Three.js exposes virtual and augmented reality through the WebXR Device API, the browser standard that succeeded the earlier WebVR API for immersive sessions.[3] The library bundles a set of WebXR helpers in its examples and add-ons, the most prominent being VRButton and ARButton, helper classes whose createButton() method renders a button that checks for device support and starts a VR or AR session when activated.[8]

To render in XR, an application sets renderer.xr.enabled = true on the WebGL renderer and replaces the usual browser animation callback with renderer.setAnimationLoop(), which is driven by the headset's frame timing rather than the page's refresh rate.[3] The WebXR add-ons also cover input and tracking: controller models through XRControllerModelFactory, hand tracking through XRHandModelFactory, plane detection through XRPlanes, depth sensing, and lighting estimation through XREstimatedLight.[9] The repository ships runnable WebXR demos such as webxr_vr_sandbox, webxr_vr_panorama, and webxr_vr_rollercoaster.[9]

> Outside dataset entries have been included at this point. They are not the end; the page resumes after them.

Lemma sqr_mxOver_rational A : G A -> A *m A \is a mxOver rational.
Proof.
move=> GA.
have [c0 | c0] := eqVneq (A 1 0) 0.
  have [k [->|->]] := (stab_oo A).1 (conj GA c0);
    by rewrite ?mulNmx ?mulmxN ?opprK mxOverM ?unip_upper_mxOver_rational.
have [b0 | b0] := eqVneq (A 0 1) 0.
  have lowQ (k : int) : unip_lower (k%:~R * beta ^+ 2) \is a mxOver rational.
    by apply: unip_lower_mxOver_rational; rewrite rpredM ?rpred_int ?beta2_rational.
  have [k [->|->]] := (stab_0 A).1 (conj GA b0);
    by rewrite ?mulNmx ?mulmxN ?opprK mxOverM ?lowQ.
have [/andP[/eqP a0 /eqP d0] | ] := boolP ((A 0 0 == 0) && (A 1 1 == 0)).
  rewrite mulmx22_Cayley_Hamilton mxtrace22 a0 d0 addr0 scale0r sub0r det_G //.
  by apply/mxOverP => i j; rewrite !mxE rpredN rpredMn ?rpred1.
rewrite negb_and => /orP xad.
have [x xA x0] : exists2 x, x = A 0 0 \/ x = A 1 1 & x != 0.
  by case: xad => ?; eexists; [left | | right |].
apply: (scaled_sqr_mxOver_rational (l := x) (det_G GA) _
          (scaled_mxOver_rational GA b0 xA x0)).
by rewrite scalerA mulfV ?scale1r.
Qed.

End CuspStabilizers.

Theorem lemma3p1 (R : realType) (beta : R) (G : set 'M[R]_2) :
  beta != 0 ->
  psl2_lattice G ->
  (* stabilizer of oo: elements with c = 0 *)
  (forall g, G g /\ g 1 0 = 0 <->
     exists k : int, g = unip_upper R k \/ g = - unip_upper R k) ->
  (* stabilizer of 0: elements with b = 0 *)
  (forall g, G g /\ g 0 1 = 0 <->
     exists k : int, g = unip_lower (k%:~R * beta ^+ 2) \/
                     g = - unip_lower (k%:~R * beta ^+ 2)) ->
  linear_growth (trace_set G) ->
  forall A, G A -> forall i j, is_rational ((A *m A) i j).
Proof.
move=> beta0 [[det_G _ mul_G _ _] _ _] stab_oo stab_0 growth A GA i j.
apply/rationalP; move: i j; apply/mxOverP.
exact: sqr_mxOver_rational beta0 det_G mul_G stab_oo stab_0 growth A GA.
Qed.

Because these sessions run inside a standard browser, a Three.js WebXR scene can be entered from a compatible headset without installing a native application; Chromium-based browsers and the browsers on standalone headsets implement the WebXR Device API for both VR and AR.[3]

VR and AR relevance

Three.js is one of the common foundations for WebXR content on the open web, used both directly and as the rendering layer beneath higher-level frameworks. The declarative VR framework A-Frame, originally developed by the Mozilla VR team, is an entity-component-system framework built on top of Three.js, so A-Frame scenes are ultimately rendered by it.[10] Browser-based VR and AR experiences, product configurators, and metaverse-style 3D environments frequently use Three.js for rendering, an approach distinct from native engines such as Unity and Unreal Engine in that the experience loads from a URL and runs in the browser.[2][3]